A.N: Insomnia has driven me to write this.

Rachel,

There is only one way to begin this letter, and that is by telling you that I love you. I know that, for you, this might seem like it has come out of nowhere; but believe me when I say that it has not. Every single thing I have ever done to hurt you has hurt me twice as hard. I'm sure that this feels like such an empty statement, because I wasn't the one going through what you went through, what I let you go through because of me. You have every right to hate me for making your life so difficult, for being so hurtful.

It may sound crazy, but I was hurting you to hurt myself. Because I was so sure that everything that I was feeling was wrong, loving you was so wrong, that I needed to hurt you, to hate you, and to make you hate me in return. If I couldn't have your love, if wanting your love was so wrong, I would have your hate. Twisted, as it might sound, this thought was my driving force for years. It became so ingrained in my mind that I forgot, or maybe I never really knew, what I really felt.

I'm not sure you will believe me; this probably seems like some elaborate prank. I know that you have learnt to expect the worst from me, and it's good that you do, I earned that. However, I'm baring my soul to you in an effort to help you understand that everything that I did and said back then, had little or nothing to do with you, and everything to do with me. I know that sometimes the way things turned out in high school still torments you, the slushing may have ended but you still feel cold and alone, and it's my fault.

I believe that you deserve an explanation, so here it is. From the moment I layed eyes on you, you awoke something within me that I desperately needed to keep hidden. Everything I had, and everything that I thought I was, would be compromised if I let myself be taken over by what I really wanted. Then I lost everything. It's really ironic that I'm sure a very important part of the reason I slept with Puck was keeping you out of my mind. The very thing I did in a desperate attempt to protect everything that I thought important was also the very thing that resulted in me losing it all.

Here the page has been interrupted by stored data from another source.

Lemma total_rec_rat3_computes D : total_rec_rat3 D ->
  exists (en ed : PR 3) (Bn Cn : nat -> nat -> nat -> nat),
  [/\ computes3 en Bn,
      computes3 ed Cn &
   forall s1 s2 n, exists a, D s1 s2 n =
     (-1) ^+ a * (Bn (enc s1) (enc s2) n)%:R / (Cn (enc s1) (enc s2) n).+1%:R].
Proof.
have total_fun (e : PR 3) : (forall s1 s2 n, exists b, eval e [:: enc s1; enc s2; n] b) ->
    exists F, computes3 e F.
  move=> e_total; have {}e_total x y z : exists b, eval e [:: x; y; z] b.
    by have [b] := e_total (dec x) (dec y) z; rewrite !decK; exists b.
  exists (fun x y z => sval (cid (e_total x y z))).
  by move=> [|x [|y [|z [|]]]] //= _; exact: svalP (cid (e_total x y z)).
move=> [es [en [ed D_spec]]].
have [Bn cB] : exists Bn, computes3 en Bn.
  by apply: total_fun => s1 s2 n; have [? [b [? []]]] := D_spec s1 s2 n; exists b.
have [Cn cC] : exists Cn, computes3 ed Cn.
  by apply: total_fun => s1 s2 n; have [? [? [c []]]] := D_spec s1 s2 n; exists c.
exists en, ed, Bn, Cn; split => // s1 s2 n.
have [a [b [c [_ ev_b ev_c ->]]]] := D_spec s1 s2 n; exists a.
by rewrite (eval_det ev_b (cB [:: enc s1; enc s2; n] erefl))
  (eval_det ev_c (cC [:: _; _; _] erefl)).
Qed.

Definition close_test_pr k (en ed : PR 3) : PR 2 :=
  let at_k (e : PR 3) := comp3 e (proj_pr 1 0) (proj_pr 1 1) (const_pr 2 k) in
  comp2 sub_pr (comp1 PRsucc (comp2 mul_pr (at_k en) (const_pr 2 (2 ^ k))))
               (comp2 mul_pr (const_pr 2 2) (comp1 PRsucc (at_k ed))).

Lemma computes_close_test k (en ed : PR 3) Bn Cn : computes3 en Bn -> computes3 ed Cn ->
  computes2 (close_test_pr k en ed) (fun t s => close_test k (Bn t s k) (Cn t s k)).
Proof.
move=> cB cC v size_v.
have c_at_k Fn (e : PR 3) : computes3 e Fn ->
    computes2 (comp3 e (proj_pr 1 0) (proj_pr 1 1) (const_pr 2 k)) (fun t s => Fn t s k).
  move=> cF w size_w; have := computes_comp3 (computes_proj 1 0 isT)
    (computes_proj 1 1 isT) (@computes_const 2 k) cF size_w.
  by case: w size_w => [|? [|? [|]]].
have := computes_comp2
  (computes_comp1 (computes_comp2 (c_at_k _ _ cB) (@computes_const 2 (2 ^ k)) computes_mul)
     computes_succ)
  (computes_comp2 (@computes_const 2 2) (computes_comp1 (c_at_k _ _ cC) computes_succ)
     computes_mul) computes_sub size_v.
by case: v size_v => [|t [|s [|]]].
Qed.

Section Translation.
Variables (R : realType) (X : Type) (d : X -> X -> R).
Hypothesis d_metric : metric d.

Lemma metric_ge0 x y : 0 <= d x y. Proof. by case: d_metric. Qed.
Lemma metric_sym x y : d x y = d y x. Proof. by case: d_metric. Qed.
Lemma metric_triangle x y z : d x z <= d x y + d y z. Proof. by case: d_metric. Qed.
(* For every priority profile $\succ=(\succ_s)_{s\in S}$ in which every $\succ_s$ is a partial order on $I$, there exists $\succ'\in\mathcal{E}(\succ)$ such that $f^{\succ'}\subseteq f^{\succ}$.
   Context: A partial order on $I$ is an asymmetric and transitive relation; a total order is a partial order that is also negatively transitive and complete. School choice setup: $I$ is a finite set of students with $|I|\ge 3$, $S$ a finite set of schools. Each student $i$ has a total order $P_i$ on $S\cup\{\emptyset\}$; $sR_is'$ means $sP_is'$ or $s=s'$. Each school $s$ has capacity $q_s\in\mathbb{Z}_{++}$ and an asymmetric priority relation $\succ_s$ on $I$. A matching $\mu$ assigns each $i$ to $\mu(i)\in S\cup\{\emptyset\}$, $\mu(s)=\{i:\mu(i)=s\}$, $|\mu(s)|\le q_s$. $\mu$ is stable for $\succ$ if it is individually rational ($\mu(i)R_i\emptyset$ for all $i$), non-wasteful ($sP_i\mu(i)$ implies $|\mu(s)|=q_s$) and fair (no $s$, $j\in\mu(s)$, $i\notin\mu(s)$ with $sR_i\mu(i)$ and $(i,j)\in\succ_s$). $\mu$ is Pareto dominated by $\mu'$ if $\mu'(i)R_i\mu(i)$ for all $i$ and $\mu'(i)P_i\mu(i)$ for some $i$. An SOSM for $\succ$ is a stable matching for $\succ$ not Pareto dominated by any stable matching for $\succ$; $f^\succ$ denotes the set of SOSMs for $\succ$. An extension of $\succ_s$ is a total order on $I$ containing $\succ_s$; $\mathcal{E}(\succ)$ is the set of profiles $(\succ'_s)_{s\in S}$ with each $\succ'_s$ an extension of $\succ_s$. *)

From mathcomp Require Import all_boot.
Set Implicit Arguments. Unset Strict Implicit. Unset Printing Implicit Defensive.

Definition asymmetric {T : Type} (R : rel T) : Prop :=
  forall x y, R x y -> ~~ R y x.
Definition transitive_rel {T : Type} (R : rel T) : Prop :=
  forall x y z, R x y -> R y z -> R x z.
Definition neg_transitive {T : Type} (R : rel T) : Prop :=
  forall x y z, ~~ R x y -> ~~ R y z -> ~~ R x z.
Definition complete_rel {T : eqType} (R : rel T) : Prop :=
  forall x y, x != y -> R x y || R y x.

Definition partial_order {T : Type} (R : rel T) : Prop :=
  asymmetric R /\ transitive_rel R.
Definition total_order {T : eqType} (R : rel T) : Prop :=
  partial_order R /\ neg_transitive R /\ complete_rel R.

Section SchoolChoice.
Variables (I S : finType).
(* The outside option (emptyset) is [None]; school s is [Some s]. *)
Variable P : I -> rel (option S).
Variable q : S -> nat.

Definition R_ (i : I) (a b : option S) : bool := P i a b || (a == b).

Definition assigned (mu : I -> option S) (s : S) : {set I} :=
  [set i | mu i == Some s].

Definition is_matching (mu : I -> option S) : Prop :=
  forall s, #|assigned mu s| <= q s.

Definition individually_rational (mu : I -> option S) : Prop :=
  forall i, R_ i (mu i) None.

Definition non_wasteful (mu : I -> option S) : Prop :=
  forall i s, P i (Some s) (mu i) -> #|assigned mu s| = q s.

Definition fair (pr : S -> rel I) (mu : I -> option S) : Prop :=
  ~ (exists s i j, [/\ j \in assigned mu s, i \notin assigned mu s,
                      R_ i (Some s) (mu i) & pr s i j]).

Definition stable (pr : S -> rel I) (mu : I -> option S) : Prop :=
  [/\ is_matching mu, individually_rational mu, non_wasteful mu & fair pr mu].

Definition pareto_dominated (mu mu' : I -> option S) : Prop :=
  (forall i, R_ i (mu' i) (mu i)) /\ (exists i, P i (mu' i) (mu i)).
Definition add_w (a b : ext) : ext :=
  match a, b with Fin x, Fin y => Fin (x + y) | _, _ => PInf end.
Definition le_w (a b : ext) : bool :=
  match a, b with
  | Fin x, Fin y => x <= y
  | _, PInf => true
  | PInf, Fin _ => false end.
Definition lt_w (a b : ext) : bool :=
  match a, b with
  | Fin x, Fin y => x < y
  | Fin _, PInf => true
  | PInf, _ => false end.
Definition max_w (a b : ext) : ext :=
  match a, b with Fin x, Fin y => Fin (Num.max x y) | _, _ => PInf end.

Definition node n := 'I_n.+1.
(* An integer graph (N, w) is identified with its weight function w. *)
Definition graph n := node n -> node n -> ext.

Definition is_arc n (G : graph n) (i j : node n) : Prop := G i j <> PInf.

Fixpoint pathw n (G : graph n) (x : node n) (s : seq (node n)) : ext :=
  match s with
  | [::] => Fin 0
  | y :: s' => add_w (G x y) (pathw G y s')
  end.

Definition consistent n (G : graph n) : Prop :=
  forall (x : node n) (s : seq (node n)), s <> [::] -> last x s = x ->
    ~~ lt_w (pathw G x s) (Fin 0).

Definition graph_le n (G G' : graph n) : Prop := forall i j, le_w (G i j) (G' i j).

Definition closed_graph n (G : graph n) : Prop :=
  [/\ consistent G, (forall i, G i i = Fin 0) &
      (forall i j k, le_w (G i j) (add_w (G i k) (G k j)))].

Definition is_closure n (G C : graph n) : Prop :=
  forall i j,
    (exists Gc : graph n, [/\ closed_graph Gc, graph_le Gc G & Gc i j = C i j]) /\
    (forall Gc : graph n, closed_graph Gc -> graph_le Gc G -> le_w (Gc i j) (C i j)).

Definition subgraph n (R G : graph n) : Prop :=
  forall i j, R i j <> PInf -> R i j = G i j.

(* points of Z^n, extended with x_0 := 0 *)
Definition xval n (x : 'I_n -> int) (i : node n) : int :=
  match unlift ord0 i with Some j => x j | None => 0 end.

Definition gamma n (G : graph n) (x : 'I_n -> int) : Prop :=
  forall i j, le_w (Fin (xval x i - xval x j)) (G i j).

Inductive bd_cstr n :=
  | CUp of 'I_n & int
  | CLo of 'I_n & int
  | CDiff of 'I_n & 'I_n & int.

Definition sat_cstr n (c : bd_cstr n) (x : 'I_n -> int) : Prop :=
  match c with
  | CUp i b => x i <= b
  | CLo i b => - x i <= b
  | CDiff i j b => x i - x j <= b
  end.

Fixpoint sat_all n (cs : seq (bd_cstr n)) (x : 'I_n -> int) : Prop :=
  match cs with [::] => True | c :: cs' => sat_cstr c x /\ sat_all cs' x end.

Definition is_BD n (S : ('I_n -> int) -> Prop) : Prop :=
  exists cs : seq (bd_cstr n), forall x, S x <-> sat_all cs x.

Definition bd_uplus n (S1 S2 : ('I_n -> int) -> Prop) (x : 'I_n -> int) : Prop :=
  forall B, is_BD B -> (forall y, S1 y \/ S2 y -> B y) -> B x.

Definition set_eq n (S T : ('I_n -> int) -> Prop) : Prop := forall x, S x <-> T x.

Definition gjoin n (G1 G2 : graph n) : graph n := fun i j => max_w (G1 i j) (G2 i j).

(* The least BD shape containing gamma G1 and gamma G2 is gamma (G1 ⊔ G2):
   a closed graph is tight, i.e. each entry w(s,t) is the supremum of
   x_s - x_t over its shape, so any BD constraint valid on both shapes is
   implied by the corresponding entries of G1 and G2, hence by their maximum.
   A point of gamma (G1 ⊔ G2) outside both shapes violates an arc (i,j) of R1
   and an arc (k,l) of R2 (as G_h = closure R_h); adding the two violations
   and regrouping as (x_i - x_l) + (x_k - x_j) gives (2).  Conversely, (2)
   says the cycle i -> l -> k -> j -> i stays nonnegative when the strict constraints
   x_i - x_j > w1(i,j) and x_k - x_l > w2(k,l) are added to G1 ⊔ G2; a point
   meeting both is built by capping a point of the join by the cones of
   shortest-path distances towards l and towards j. *)

From mathcomp Require Import all_boot all_order all_algebra.
Import Order.TTheory GRing.Theory Num.Theory.
Local Open Scope ring_scope.
From mathcomp Require Import zify.
From Stdlib Require Import Classical.
Set Implicit Arguments. Unset Strict Implicit.

Lemma le_w_trans (e1 e2 e3 : ext) : le_w e1 e2 -> le_w e2 e3 -> le_w e1 e3.
Proof. by case: e1 => [a|]; case: e2 => [b|]; case: e3 => [c|] //=; lia. Qed.

Lemma lt_wNge (e1 e2 : ext) : lt_w e1 e2 = ~~ le_w e2 e1.
Proof. by case: e1 => [a|]; case: e2 => [b|] //=; rewrite ltNge. Qed.

Lemma lt_w_FinD1 (a : int) (e : ext) : lt_w (Fin a) e = le_w (Fin (a + 1)) e.
Proof. by case: e => [b|] //=; rewrite lezD1. Qed.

When I lost everything I had a taste, albeit small in comparison, of what it was like to be on your end. I felt guilty, very guilty, but I also pushed that away. I had, I told myself, more urgent worries to attend to. I did not want to go back to treating you how I did before, I hope that to some extent I was successful. And yet I still desperately told myself that I hated you, and I was utterly terrified of asking the obvious question: Why did I want to hate you?

I found myself doing things that I shouldn't have been doing, because despite what I told myself I always ended up making an extra effort for you. Some of this things you can probably remember, others you never knew about, I'd like to keep it that way. I told you once that we were "kind of friends", and while at the time I told myself I was doing so to appear aloof and noncommittal I think that a part of me knew that I really wanted so much more. I opposed your marriage and told myself that it was a matter of principle, that I was being a friend, that I was watching out for you; but when I said that you where the brightest star of us all I could feel something more inside me, begging to be said. When I asked you if you where singing to Finn, and only to Finn, some delusional part of me was hoping that you were singing to me, thinking about me, like I thought of you when the words "never can say goodbye" left my lips, like I thought of you when I asked for anybody to find me somebody to love (even if back then I told myself that I wasn´t thinking of you, looking at you, yearning for you).

So much has happened to us, so much has happened between us, and yet you have always welcomed me into your life, swept all my cruelty under a rug, taken me as I was. I'm sure it is very taxing to do so, I'm sure it is even more exhausting to not know the motivations behind my actions and inactions. I know that you have thought about it, asked about it (please don't be mad at Kurt, he was only concerned about you).

There is only one way to end this letter, and that is by telling you that I'm sorry. And while I don't think I will ever deserve your forgiveness, I believe that you deserve an explanation. I hurt you because I loved you. I guess that makes me a monster. I can only hope that my words might bring you closure, so that you can move on to the wonders that lie ahead, because you are a brightest star of us all.